PROBLEM DESCRIPTION »
Below are some records. Copy every line in them that holds "case".

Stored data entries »
▼
(* Let $N$ and $M$ be large positive parameters, let $\mathcal{X}$ be any subset of $\{1,2,\ldots,10^M\}$, and let $\Delta=\Delta(N)$ be any function with $\Delta\to\infty$. If $M|\mathcal{X}|\Delta^2\le \pi(N)\log M$, then for $\pi(N)\bigl(1+O(1/\Delta)\bigr)$ primes $p\le N$ we have $$\#\{x \bmod p \;:\; x\in\mathcal{X}\}=|\mathcal{X}|\bigl(1+O(\Delta^{-1})\bigr).$$
   Context: $\pi(N)$ denotes the number of primes $p\le N$. $\#\{x \bmod p : x\in\mathcal{X}\}$ is the number of distinct residues modulo $p$ of elements of $\mathcal{X}$. *)

From mathcomp Require Import all_boot.
From Stdlib Require Import Reals.

Definition prime_pi (N : nat) : nat := count prime (iota 0 N.+1).

Definition nres (X : seq nat) (p : nat) : nat := size (undup [seq x %% p | x <- X]).

(* Modulo a prime p, X loses at most as many residues as there are pairs {x, y} in X
   with p | x - y. As 0 < |x - y| < 10^M, each pair is counted by at most
   log_T 10^M <= 8 M / ln M primes p >= T := floor(sqrt M) + 1, so over these primes
   there are at most 8 |X|^2 M / ln M such pairs in total. By Markov's inequality at
   most 8 Delta |X| M / ln M <= 8 pi(N) / Delta of them lose more than |X| / Delta
   residues, while the primes below T number at most sqrt M + 1 <= 4 pi(N) / Delta. *)

From mathcomp Require Import all_boot zify.
From Stdlib Require Import Reals Lra.

Fixpoint ncongr_pairs (p : nat) (s : seq nat) : nat :=
  if s is x :: s' then count (fun y => x == y %[mod p]) s' + ncongr_pairs p s'
  else 0.

Lemma nres_le_size X p : nres X p <= size X.
Proof. by rewrite /nres (leq_trans (size_undup _)) ?size_map. Qed.

Lemma size_le_nres_add_pairs X p : size X <= nres X p + ncongr_pairs p X.
Proof.
rewrite /nres; elim: X => [|x s IH] //=.
case: ifP => [/mapP [y ys /eqP xy] | _] /=.
- by rewrite addnCA -add1n leq_add // -has_count; apply/hasP; exists y.
- by rewrite addSn ltnS (leq_trans IH) // leq_add2l leq_addl.
Qed.

Lemma prod_primes_dvdn d (Q : seq nat) :
  uniq Q -> all prime Q -> all (dvdn^~ d) Q -> \prod_(p <- Q) p %| d.
Proof.
elim: Q => [|q Q IH] /=; first by rewrite big_nil dvd1n.
move=> /andP [qQ uQ] /andP [pq pQ] /andP [dq dQ].
rewrite big_cons Gauss_dvd ?dq ?IH // prime_coprime // Euclid_dvd_prod // big_has.
apply/hasPn => r rQ /=; rewrite dvdn_prime2 //; last exact: (allP pQ).
by apply: contraNneq qQ => ->.
Qed.

Lemma count_large_prime_dvdn T d (Q : seq nat) :
  1 < T -> 0 < d -> uniq Q -> all prime Q -> all (leq T) Q ->
  count (dvdn^~ d) Q <= trunc_log T d.
Proof.
move=> T1 d0 uQ pQ TQ; apply: trunc_log_max => //; rewrite -size_filter.
set Qd := filter _ Q.
have QdQ : {subset Qd <= Q} by move=> p; rewrite mem_filter => /andP [].
apply: (@leq_trans (\prod_(p <- Qd) p)).
  have -> : expn T (size Qd) = \prod_(p <- Qd) T.
    by rewrite big_const_seq count_predT -Monoid.iteropE.
  rewrite big_seq [leqRHS]big_seq; apply: leq_prod => p /QdQ; exact: (allP TQ).
apply: dvdn_leq d0 (prod_primes_dvdn _ _ _ _ _).
- exact: filter_uniq.
- by apply/allP => p /QdQ; apply: (allP pQ).
- exact: filter_all.
Qed.

Section LargePrimes.

Variables (T : nat) (Q : seq nat).
Hypotheses (T_gt1 : 1 < T) (Q_uniq : uniq Q) (Q_prime : all prime Q)
  (Q_large : all (leq T) Q).

Lemma count_large_prime_congr B x y : x != y -> x <= B -> y <= B ->
  count (fun p => x == y %[mod p]) Q <= trunc_log T B.
Proof.
move=> neq_xy xB yB; wlog lt_yx : x y neq_xy xB yB / y < x.
  move=> hwlog; case: (ltngtP x y) neq_xy => // [lt_xy | lt_yx] _.
  - rewrite (eq_count (fun p => eq_sym _ _)).
    by apply: hwlog; rewrite // neq_ltn lt_xy orbT.
  - by apply: hwlog; rewrite // neq_ltn lt_yx orbT.
rewrite (eq_count (fun p => eqn_mod_dvd p (ltnW lt_yx))).
apply: leq_trans (count_large_prime_dvdn _ _ _ T_gt1 _ Q_uniq Q_prime Q_large) _.
  by rewrite subn_gt0.
by apply: leq_trunc_log; rewrite leq_subLR (leq_trans xB) ?leq_addl.
Qed.

Lemma sum_pairs_large_primes B X : uniq X -> all (leq^~ B) X ->
  \sum_(p <- Q) ncongr_pairs p X <= size X * size X * trunc_log T B.
Proof.
elim: X => [|x s IH]; first by rewrite big1.
move=> /= /andP [xs us] /andP [xB sB].
rewrite big_split /=.
have pairs_x : \sum_(p <- Q) count (fun y => x == y %[mod p]) s <= size s * trunc_log T B.
  under eq_bigr do rewrite -sum1_count big_mkcond.
  rewrite exchange_big /=.
  apply: (@leq_trans (\sum_(y <- s) trunc_log T B)).
    rewrite [leqLHS]big_seq [leqRHS]big_seq; apply: leq_sum => y ys.
    rewrite -big_mkcond sum1_count count_large_prime_congr //.
    - by apply: contraNneq xs => ->.
    - exact: (allP sB).
  by rewrite big_const_seq count_predT iter_addn_0 mulnC.
apply: leq_trans (leq_add pairs_x (IH us sB)) _.
rewrite -mulnDl leq_mul2r; apply/orP; right; move: (size s) => k; nia.
Qed.

End LargePrimes.

Definition Rleb (x y : R) : bool := if Rle_dec x y then true else false.

Lemma RlebP x y : reflect (x <= y)%R (Rleb x y).
Proof. by rewrite /Rleb; case: Rle_dec => h; constructor. Qed.

Lemma INR_addn m n : INR (m + n) = (INR m + INR n)%R.
Proof. exact: plus_INR. Qed.

Lemma markov_count (Q : seq nat) (f : nat -> nat) (a : R) : (0 <= a)%R ->
  (INR (count (fun p => ~~ Rleb (INR (f p)) a) Q) * a <= INR (\sum_(p <- Q) f p))%R.
Proof.
move=> a0; elim: Q => [|p Q IH]; first by rewrite big_nil /=; lra.
rewrite big_cons /= !INR_addn.
case: RlebP => [_ | /Rnot_le_lt fp_gt_a] /=.
- have := pos_INR (f p); lra.
- nra.
Qed.

Lemma INR_expn m n : INR (expn m n) = (INR m ^ n)%R.
Proof. by elim: n => [|n IH] //; rewrite expnS mult_INR IH. Qed.

Lemma ln_le x y : (0 < x)%R -> (x <= y)%R -> (ln x <= ln y)%R.
Proof. by move=> x0 /Rle_lt_or_eq_dec [/(ln_increasing _ _ x0) | ->]; lra. Qed.

Lemma ln_le_pred x : (0 < x)%R -> (ln x <= x - 1)%R.
Proof.
move=> x0; rewrite -{2}(exp_ln x x0).
have := exp_ineq1_le (ln x); lra.
Qed.

Lemma ln10_le4 : (ln 10 <= 4)%R.
Proof.
rewrite -(ln_exp 4); apply: ln_le; first lra.
have -> : (4 = 1 + 1 + 1 + 1)%R by ring.
have e1 : (2 <= exp 1)%R by have := exp_ineq1_le 1; lra.
have e2 : (4 <= exp 1 * exp 1)%R by nra.
rewrite !exp_plus; nra.
Qed.

Section SqrtThreshold.

Variables M s : nat.
Hypotheses (M_gt0 : 0 < M) (s_sq_le : s * s <= M) (s_sq_gt : M < s.+1 * s.+1).

Let s_gt0 : 0 < s.
Proof. by case: s s_sq_gt M_gt0 => [|//]; case: M. Qed.

Let s_ge1 : (1 <= INR s)%R.
Proof. by apply: (le_INR 1); apply/leP. Qed.

Lemma ln_le_twice_ln_succ_sqrt : (ln (INR M) <= 2 * ln (INR s.+1))%R.
Proof.
rewrite S_INR.
have -> : (2 * ln (INR s + 1) = ln ((INR s + 1) * (INR s + 1)))%R.
  rewrite ln_mult; lra.
apply: ln_le; first by apply: (lt_INR 0); apply/ltP.
by rewrite -S_INR -mult_INR; apply: le_INR; apply/leP; rewrite ltnW.
Qed.

Lemma succ_sqrt_mul_ln_le : (INR s.+1 * ln (INR M) <= 4 * INR M)%R.
Proof.
have lnM := ln_le_twice_ln_succ_sqrt.
have lnT := ln_le_pred (INR s.+1) (lt_0_INR _ (Nat.lt_0_succ s)).
have ss : (INR s * INR s <= INR M)%R by rewrite -mult_INR; apply: le_INR; apply/leP.
rewrite S_INR in lnM lnT *.
have : (ln (INR M) <= 2 * INR s)%R by lra.
move/(Rmult_le_compat_l (INR s + 1)) => /(_ ltac:(lra)); nra.
Qed.

Lemma trunc_log_sqrt_mul_ln_le :
  (INR (trunc_log s.+1 (10 ^ M)) * ln (INR M) <= 8 * INR M)%R.
Proof.
set K := trunc_log _ _.
have T_pos : (0 < INR s.+1)%R := lt_0_INR _ (Nat.lt_0_succ s).
have powK : (INR s.+1 ^ K <= 10 ^ M)%R.
  rewrite -INR_expn -(INR_IZR_INZ 10) -pow_INR; apply: le_INR; apply/leP.
  apply: trunc_logP; rewrite ?ltnS // lt0n; apply/eqP; exact: Nat.pow_nonzero.
have KlnT : (INR K * ln (INR s.+1) <= INR M * 4)%R.
  have := ln_le _ _ (pow_lt _ K T_pos) powK.
  rewrite !ln_pow; try lra.
  have := ln10_le4; have := pos_INR M; nra.
have := ln_le_twice_ln_succ_sqrt; have := pos_INR K; nra.
Qed.

End SqrtThreshold.

Definition few_collisions (X : seq nat) (D : R) (p : nat) : bool :=
  Rleb (INR (size X - nres X p)) (INR (size X) / D).

Lemma few_collisions_dist X D p : few_collisions X D p ->
  (Rabs (INR (nres X p) - INR (size X)) <= INR (size X) / D)%R.
Proof.
move/RlebP; rewrite -minusE minus_INR; last exact/leP/nres_le_size.
by rewrite Rabs_minus_sym Rabs_pos_eq // -minus_INR; [apply: pos_INR | apply/leP/nres_le_size].
Qed.

Lemma count_many_collisions_le (Q X : seq nat) (D : R) : (0 < D)%R ->
  (INR (count (fun p => ~~ few_collisions X D p) Q) * INR (size X)
   <= D * INR (\sum_(p <- Q) ncongr_pairs p X))%R.
Proof.
move=> D_pos; have n_div_D_ge0 : (0 <= INR (size X) / D)%R.
  by apply: Rmult_le_pos; [apply: pos_INR | apply/Rlt_le/Rinv_0_lt_compat].
have bad_sub : count (fun p => ~~ few_collisions X D p) Q
    <= count (fun p => ~~ Rleb (INR (ncongr_pairs p X)) (INR (size X) / D)) Q.
  apply: sub_count => p; apply: contra => /RlebP pairs_le; apply/RlebP.
  apply: Rle_trans pairs_le; apply: le_INR; apply/leP.
  by rewrite leq_subLR size_le_nres_add_pairs.
have := markov_count Q (fun p => ncongr_pairs p X) _ n_div_D_ge0.
move: (le_INR _ _ (elimT leP bad_sub)).
set bad := INR (count _ Q); set bad' := INR (count _ Q).
have -> : (bad * INR (size X) = D * (bad * (INR (size X) / D)))%R by field; lra.
move=> le_bad le_bad'; apply: Rmult_le_compat_l; first lra.
by apply: Rle_trans le_bad'; apply: Rmult_le_compat_r.
Qed.

Section ManyCollisions.

Variables (N M s : nat) (X : seq nat) (D : R).
Hypotheses (M_ge2 : 2 <= M) (s_sq_le : s * s <= M) (s_sq_gt : M < s.+1 * s.+1)
  (D_ge1 : (1 <= D)%R) (X_pos : 0 < size X) (X_uniq : uniq X)
  (X_le : all (leq^~ (10 ^ M)) X)
  (hyp : (INR M * INR (size X) * D ^ 2 <= INR (prime_pi N) * ln (INR M))%R).

Let M_gt0 : 0 < M. Proof. exact: ltnW. Qed.

Let lnM_pos : (0 < ln (INR M))%R.
Proof. by rewrite -ln_1; apply: ln_increasing; [lra | apply: (lt_INR 1); apply/ltP]. Qed.

Let n_ge1 : (1 <= INR (size X))%R.
Proof. by apply: (le_INR 1); apply/leP. Qed.

Lemma succ_sqrt_mul_le_prime_pi : (INR s.+1 * D <= 4 * INR (prime_pi N))%R.
Proof.
have T_ln := succ_sqrt_mul_ln_le _ _ M_gt0 s_sq_le s_sq_gt.
apply: (Rmult_le_reg_r (ln (INR M))) => //.
have : (D * (INR s.+1 * ln (INR M)) <= D * (4 * INR M))%R.
  by apply: Rmult_le_compat_l; lra.
have : (INR M * D <= INR M * (INR (size X) * (D * D)))%R.
  by apply: Rmult_le_compat_l; [apply: pos_INR | nra].
have : (D ^ 2 = D * D)%R by ring.
nra.
Qed.

Lemma count_many_collisions_large_primes :
  (INR (count (fun p => ~~ few_collisions X D p)
         [seq p <- iota 0 N.+1 | prime p && (s < p)%nat]) * D
   <= 8 * INR (prime_pi N))%R.
Proof.
set Q := filter _ _.
have T_gt1 : 1 < s.+1 by rewrite ltnS lt0n; apply: contraTneq s_sq_gt => ->; rewrite -leqNgt.
have Q_uniq : uniq Q by rewrite filter_uniq ?iota_uniq.
have [Q_prime Q_large] : all prime Q /\ all (leq s.+1) Q.
  by split; apply/allP => p; rewrite mem_filter => /andP [/andP []].
have D_pos : (0 < D)%R by lra.
have := n_ge1; have := count_many_collisions_le Q X D D_pos.
have := le_INR _ _ (elimT leP
  (sum_pairs_large_primes _ _ T_gt1 Q_uniq Q_prime Q_large _ _ X_uniq X_le)).
have K_ln := trunc_log_sqrt_mul_ln_le _ _ M_gt0 s_sq_gt.
rewrite !mult_INR; set n := INR (size X); set K := INR (trunc_log _ _) in K_ln *.
set bad := INR (count _ Q); set pairs := INR (\sum_(p <- Q) _) => pairs_le bad_le n_pos.
have bad_le' : (bad <= D * n * K)%R.
  apply: (Rmult_le_reg_r n); first lra.
  have : (D * pairs <= D * (n * n * K))%R by apply: Rmult_le_compat_l; lra.
  nra.
apply: (Rmult_le_reg_r (ln (INR M))) => //.
have : (bad * D * ln (INR M) <= D * n * K * D * ln (INR M))%R.
  by apply: Rmult_le_compat_r; [lra | apply: Rmult_le_compat_r; lra].
have : (D * n * D * (K * ln (INR M)) <= D * n * D * (8 * INR M))%R.
  by apply: Rmult_le_compat_l; [nra | lra].
have : (INR M * n * (D * D) <= INR (prime_pi N) * ln (INR M))%R.
  by move: hyp; rewrite -Rsqr_pow2.
nra.
Qed.

End ManyCollisions.

Lemma count_andb_split T (a b : pred T) (s : seq T) :
  count (fun x => a x && b x) s + count (fun x => a x && ~~ b x) s = count a s.
Proof.
rewrite -[RHS]size_filter -(count_predC b) !count_filter.
by congr (_ + _); apply: eq_count => x; rewrite /= andbC.
Qed.

Lemma count_prime_lt n T : count (fun p => prime p && (p < T)) (iota 0 n) <= T.
Proof.
rewrite -size_filter -[leqRHS](size_iota 0 T); apply: uniq_leq_size.
  by rewrite filter_uniq ?iota_uniq.
by move=> p; rewrite mem_filter !mem_iota !add0n => /andP [/andP [_ ->]].
Qed.

Lemma count_many_collisions_primes N M X D : 2 <= M -> (1 <= D)%R -> uniq X ->
  all (leq^~ (10 ^ M)) X ->
  (INR M * INR (size X) * D ^ 2 <= INR (prime_pi N) * ln (INR M))%R ->
  (INR (count (fun p => prime p && ~~ few_collisions X D p) (iota 0 N.+1)) * D
   <= 12 * INR (prime_pi N))%R.
Proof.
move=> M_ge2 D_ge1 X_uniq X_le hyp; have pi_ge0 := pos_INR (prime_pi N).
have [X0 | X_pos] := posnP (size X).
  rewrite (@eq_count _ _ pred0) ?count_pred0 /= ?Rmult_0_l; first lra.
  move=> p; apply/negbTE; rewrite negb_and negbK /few_collisions X0; apply/orP; right.
  by apply/RlebP; rewrite /= /Rdiv Rmult_0_l; lra.
pose s := Nat.sqrt M.
have [s_sq_le s_sq_gt] : s * s <= M /\ M < s.+1 * s.+1.
  by have [? ?] := Nat.sqrt_spec M (Nat.le_0_l _); split; apply/leP.
have split_R : (INR (count (fun p => prime p && ~~ few_collisions X D p) (iota 0 N.+1))
    <= INR (count (fun p => prime p && (p < s.+1)%nat) (iota 0 N.+1))
       + INR (count (fun p => ~~ few_collisions X D p)
                [seq p <- iota 0 N.+1 | prime p && (s < p)%nat]))%R.
  rewrite -INR_addn; apply/le_INR/leP.
  rewrite count_filter -count_predUI (leq_trans _ (leq_addr _ _)) // sub_count // => p /=.
  by case: (prime p); case: (few_collisions X D p); case: ltnP.
have small := le_INR _ _ (elimT leP (count_prime_lt N.+1 s.+1)).
have := succ_sqrt_mul_le_prime_pi _ _ _ _ _ M_ge2 s_sq_le s_sq_gt D_ge1 X_pos hyp.
have := count_many_collisions_large_primes _ _ _ _ _ M_ge2 s_sq_gt D_ge1 X_pos X_uniq X_le hyp.
have := Rmult_le_compat_r D _ _ ltac:(lra) split_R.
nra.
Qed.

Theorem corollary1 :
  exists C : R, (0 < C)%R /\
  exists M0 : nat,
  forall Delta : nat -> R,
    (forall K : R, exists n0 : nat, forall n : nat, (n0 <= n)%N -> (K <= Delta n)%R) ->
  exists N0 : nat,
  forall (N M : nat), (N0 <= N)%N -> (M0 <= M)%N ->
  forall X : seq nat, uniq X ->
    all (fun x => (1 <= x <= 10 ^ M)%N) X ->
    (INR M * INR (size X) * (Delta N) ^ 2 <= INR (prime_pi N) * ln (INR M))%R ->
    exists S : seq nat,
      uniq S /\
      (forall p, p \in S ->
         prime p /\ (p <= N)%N /\
         (Rabs (INR (nres X p) - INR (size X)) <= C * INR (size X) / Delta N)%R) /\
      (INR (prime_pi N) * (1 - C / Delta N) <= INR (size S))%R.
Proof.
exists 12%R; split; first lra.
exists 2 => Delta Delta_unbounded.
have [N0 Delta_ge1] := Delta_unbounded 1%R.
exists N0 => N M /Delta_ge1 D_ge1 M_ge2 X X_uniq X_range hyp.
have D_pos : (0 < Delta N)%R by lra.
have X_le : all (leq^~ (10 ^ M)) X by apply: sub_all X_range => x /andP [].
set L := iota 0 N.+1; set good := few_collisions X (Delta N).
exists [seq p <- L | prime p && good p].
split; first by rewrite filter_uniq ?iota_uniq.
split.
  move=> p; rewrite mem_filter mem_iota => /andP [/andP [p_prime p_good] /andP [_ p_lt]].
  split=> //; split; first by rewrite -ltnS.
  apply: Rle_trans (few_collisions_dist _ _ _ p_good) _; rewrite /Rdiv.
  apply: Rmult_le_compat_r; first exact/Rlt_le/Rinv_0_lt_compat.
  by have := pos_INR (size X); lra.
have := count_many_collisions_primes _ _ _ _ M_ge2 D_ge1 X_uniq X_le hyp.
rewrite size_filter /prime_pi -(count_andb_split _ prime good) INR_addn.
set good_count := INR (count _ L); set bad_count := INR (count _ L).
have -> : ((good_count + bad_count) * (1 - 12 / Delta N)
    = good_count + bad_count - 12 * (good_count + bad_count) / Delta N)%R by field; lra.
move=> bad_bound; have : (bad_count <= 12 * (good_count + bad_count) / Delta N)%R.
  by apply: (Rmult_le_reg_r (Delta N)) => //; rewrite /Rdiv Rmult_assoc Rinv_l; lra.
lra.
Qed.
▲
SOLUTION FOR THIS EXERCISE »
case: ifP => [/mapP [y ys /eqP xy] | _] /=.
  move=> hwlog; case: (ltngtP x y) neq_xy => // [lt_xy | lt_yx] _.
Proof. by rewrite /Rleb; case: Rle_dec => h; constructor. Qed.
case: RlebP => [_ | /Rnot_le_lt fp_gt_a] /=.
Proof. by case: s s_sq_gt M_gt0 => [|//]; case: M. Qed.
  by case: (prime p); case: (few_collisions X D p); case: ltnP.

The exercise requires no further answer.